Problem to solve:
Scan the entries below and return each line that contains "Stdlib".

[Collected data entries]
# # # # #
(* Let $g(x)=-\log|x|$ on $\mathbb{R}^2$. There exist bounded functions $Q_1,Q_2,Q_3\in C^0(\mathbb{R}^2\setminus\{0\})$ such that for every $\varphi\in C^\infty_c(\mathbb{R}^2;\mathbb{R}^2)$ there exist $G_{1,\varphi},G_{2,\varphi},G_{3,\varphi}\in C^0_0(\mathbb{R}^2\times\mathbb{R}^2)$ with $$\nabla g(x-y)\cdot(\varphi(x)-\varphi(y))=Q_1(x-y)G_{1,\varphi}(x,y)+Q_2(x-y)G_{2,\varphi}(x,y)+Q_3(x-y)G_{3,\varphi}(x,y)$$ for all $x\ne y$; the $Q_i$ do not depend on $\varphi$.
   Context: $C^0_0(\mathbb{R}^2\times\mathbb{R}^2)$ denotes continuous functions vanishing at infinity. *)

From Stdlib Require Import Reals List.
From Coquelicot Require Import Coquelicot.
Open Scope R_scope.

Definition pt2 := (R * R)%type.

Definition sub2 (x y : pt2) : pt2 := (fst x - fst y, snd x - snd y).
Definition origin2 : pt2 := (0, 0).
Definition norm2 (x : pt2) : R := sqrt (fst x ^ 2 + snd x ^ 2).
Definition norm4 (p : pt2 * pt2) : R :=
  sqrt (fst (fst p) ^ 2 + snd (fst p) ^ 2 + fst (snd p) ^ 2 + snd (snd p) ^ 2).

Definition g (x : pt2) : R := - ln (norm2 x).

Definition pd (b : bool) (f : pt2 -> R) : pt2 -> R :=
  fun p => if b then Derive (fun t => f (t, snd p)) (fst p)
           else Derive (fun t => f (fst p, t)) (snd p).
Definition ex_pd (b : bool) (f : pt2 -> R) (p : pt2) : Prop :=
  if b then ex_derive (fun t => f (t, snd p)) (fst p)
  else ex_derive (fun t => f (fst p, t)) (snd p).

Definition grad_g (z : pt2) : pt2 := (pd true g z, pd false g z).

Fixpoint iter_pd (ds : list bool) (f : pt2 -> R) : pt2 -> R :=
  match ds with
  | nil => f
  | d :: ds' => pd d (iter_pd ds' f)
  end.

Definition smooth2 (f : pt2 -> R) : Prop :=
  (forall ds p, continuous (iter_pd ds f) p) /\
  (forall ds d p, ex_pd d (iter_pd ds f) p).

Definition compact_support2 (f : pt2 -> R) : Prop :=
  exists M : R, forall p, norm2 p > M -> f p = 0.

Definition Cinf_c (phi : pt2 -> pt2) : Prop :=
  smooth2 (fun p => fst (phi p)) /\ smooth2 (fun p => snd (phi p)) /\
  compact_support2 (fun p => fst (phi p)) /\ compact_support2 (fun p => snd (phi p)).

(* bounded function in C^0(R^2 \ {0}) (values at 0 are irrelevant) *)
Definition bdd_cont_punctured (Q : pt2 -> R) : Prop :=
  (forall z, z <> origin2 -> continuous Q z) /\
  (exists M : R, forall z, z <> origin2 -> Rabs (Q z) <= M).

Definition C00 (G : pt2 * pt2 -> R) : Prop :=
  (forall p, continuous G p) /\
  (forall eps : R, eps > 0 -> exists M : R,
      forall p, norm4 p > M -> Rabs (G p) < eps).

Definition dot2 (u v : pt2) : R := fst u * fst v + snd u * snd v.

From Stdlib Require Import Reals List RList Lra Psatz Classical ClassicalEpsilon.
From Coquelicot Require Import Coquelicot.
Open Scope R_scope.

(* Write z = x - y, r = |z|^2 and phi = (f1, f2).  Since grad g(z) = -z/r, the left-hand
   side is -T/r with T = z . (phi x - phi y).  Going from x to y along the coordinate path
   x -> (y1, x2) -> y gives f_k x - f_k y = z1 A_k + z2 B_k with continuous, bounded
   difference quotients A_k, B_k, so T = z1^2 A1 + z1 z2 (B1 + A2) + z2^2 B2.  Take
   Q_ij = -z_i z_j / r, which are bounded, and damp the numerators by 1 + r:
   G1 = (A1 + T)/(1 + r), G2 = (B1 + A2)/(1 + r), G3 = (B2 + T)/(1 + r); then
   sum Q_i G_i = -(T + r T)/(r (1 + r)) = -T/r.  The numerators grow at most linearly in |z|,
   so the G_i decay as |x - y| -> oo, and for bounded |x - y| they vanish once x, y and the
   corner (y1, x2) leave the support of phi. *)

Lemma ball_R (x e y : R) : ball x e y <-> Rabs (y - x) < e.
Proof.
  unfold ball; simpl; unfold AbsRing_ball, abs, minus, plus, opp; simpl; tauto.
Qed.

(* Coquelicot states these for [plus], [mult], ... of a normed module; [apply] does not
   unify those with [Rplus], [Rmult], ..., hence the real-valued restatements. *)
Section RealValuedContinuity.
Context {T : UniformSpace}.

Lemma continuous_Rplus (f g : T -> R) x :
  continuous f x -> continuous g x -> continuous (fun y => f y + g y) x.
Proof. exact (continuous_plus f g x). Qed.

Lemma continuous_Ropp (f : T -> R) x :
  continuous f x -> continuous (fun y => - f y) x.
Proof. exact (continuous_opp f x). Qed.

Lemma continuous_Rminus (f g : T -> R) x :
  continuous f x -> continuous g x -> continuous (fun y => f y - g y) x.
Proof. exact (continuous_minus f g x). Qed.

Lemma continuous_Rmult (f g : T -> R) x :
  continuous f x -> continuous g x -> continuous (fun y => f y * g y) x.
Proof. exact (continuous_mult f g x). Qed.

Lemma continuous_Rdiv (f g : T -> R) x :
  continuous f x -> continuous g x -> g x <> 0 -> continuous (fun y => f y / g y) x.
Proof.
  intros Hf Hg Hg0. apply continuous_Rmult; [exact Hf|].
  apply (continuous_comp g Rinv); [exact Hg | exact (continuous_Rinv _ Hg0)].
Qed.

Lemma continuous_R_eps (f : T -> R) x :
  continuous f x <-> forall eps : posreal, locally x (fun y => Rabs (f y - f x) < eps).
Proof.
  unfold continuous; rewrite filterlim_locally.
  split; intros H eps; generalize (H eps); apply filter_imp; intros y; apply ball_R.
Qed.

Lemma continuous_locally_neq0 (f : T -> R) x :
  continuous f x -> f x <> 0 -> locally x (fun y => f y <> 0).
Proof.
  intros Hf Hx.
  assert (Hpos : 0 < Rabs (f x)) by (apply Rabs_pos_lt; exact Hx).
  apply (filter_imp (fun y => Rabs (f y - f x) < Rabs (f x))).
  - intros y Hy Hy0. rewrite Hy0, Rminus_0_l, Rabs_Ropp in Hy. lra.
  - exact (proj1 (continuous_R_eps f x) Hf (mkposreal _ Hpos)).
Qed.

End RealValuedContinuity.

Lemma continuous_fst_at {U V : UniformSpace} (p : U * V) : continuous fst p.
Proof. destruct p; apply continuous_fst. Qed.

Lemma continuous_snd_at {U V : UniformSpace} (p : U * V) : continuous snd p.
Proof. destruct p; apply continuous_snd. Qed.

Lemma continuous_fst_comp {U V W : UniformSpace} (h : U -> W) (p : U * V) :
  continuous h (fst p) -> continuous (fun p => h (fst p)) p.
Proof. intros Hh; apply continuous_comp; [apply continuous_fst_at | exact Hh]. Qed.

Lemma continuous_snd_comp {U V W : UniformSpace} (h : V -> W) (p : U * V) :
  continuous h (snd p) -> continuous (fun p => h (snd p)) p.
Proof. intros Hh; apply continuous_comp; [apply continuous_snd_at | exact Hh]. Qed.

Ltac continuity_R :=
  repeat match goal with
  | |- continuous (fun _ => ?c) _ => apply continuous_const
  | |- continuous (fun _ => _ + _) _ => apply continuous_Rplus
  | |- continuous (fun _ => _ - _) _ => apply continuous_Rminus
  | |- continuous (fun _ => _ * _) _ => apply continuous_Rmult
  | |- continuous (fun _ => - _) _ => apply continuous_Ropp
  | |- continuous fst _ => apply continuous_fst_at
  | |- continuous snd _ => apply continuous_snd_at
  | |- continuous (fun p => _ (fst p)) _ => apply continuous_fst_comp
  | |- continuous (fun p => _ (snd p)) _ => apply continuous_snd_comp
  end.

Lemma between_close a b c x d :
  Rmin a b <= c <= Rmax a b -> Rabs (a - x) < d -> Rabs (b - x) < d -> Rabs (c - x) < d.
Proof.
  unfold Rmin, Rmax; destruct (Rle_dec a b); intros [Hl Hr] Ha Hb;
    apply Rabs_def2 in Ha; apply Rabs_def2 in Hb; apply Rabs_def1; lra.
Qed.

Section DividedDifference.
Variables F dF : R -> R -> R.

Definition divdiff (s t u : R) : R :=
  if Req_EM_T s t then dF s u else (F s u - F t u) / (s - t).

Lemma divdiff_spec s t u : F s u - F t u = (s - t) * divdiff s t u.
Proof. unfold divdiff; destruct (Req_EM_T s t) as [->|Hst]; [ring | field; lra]. Qed.

Lemma divdiff_eq0 s t u : F s u = 0 -> F t u = 0 -> dF s u = 0 -> divdiff s t u = 0.
Proof.
  intros Hs Ht Hd; unfold divdiff; destruct (Req_EM_T s t); [exact Hd|].
  rewrite Hs, Ht; field; lra.
Qed.

Hypothesis F_derive : forall s u, is_derive (fun t => F t u) s (dF s u).

Lemma divdiff_mvt s t u : exists c, Rmin t s <= c <= Rmax t s /\ divdiff s t u = dF c u.
Proof.
  unfold divdiff; destruct (Req_EM_T s t) as [->|Hst].
  - exists t; split; [split; [apply Rmin_l | apply Rmax_l] | reflexivity].
  - destruct (MVT_gen (fun r => F r u) t s (fun c => dF c u)) as (c & Hc & Hmvt).
    + intros r _; apply F_derive.
    + intros r _; apply continuity_pt_filterlim, (ex_derive_continuous (fun r => F r u)).
      eexists; apply F_derive.
    + exists c; split; [exact Hc|]. rewrite Hmvt; field; lra.
Qed.

Lemma divdiff_bound D : (forall s u, Rabs (dF s u) <= D) ->
  forall s t u, Rabs (divdiff s t u) <= D.
Proof. intros HD s t u; destruct (divdiff_mvt s t u) as (c & _ & ->); apply HD. Qed.

Hypothesis F_cont : forall q, continuous (fun q : R * R => F (fst q) (snd q)) q.
Hypothesis dF_cont : forall q, continuous (fun q : R * R => dF (fst q) (snd q)) q.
# # # # #
Reply to the task:
From Stdlib Require Import Reals List.
From Stdlib Require Import Reals List RList Lra Psatz Classical ClassicalEpsilon.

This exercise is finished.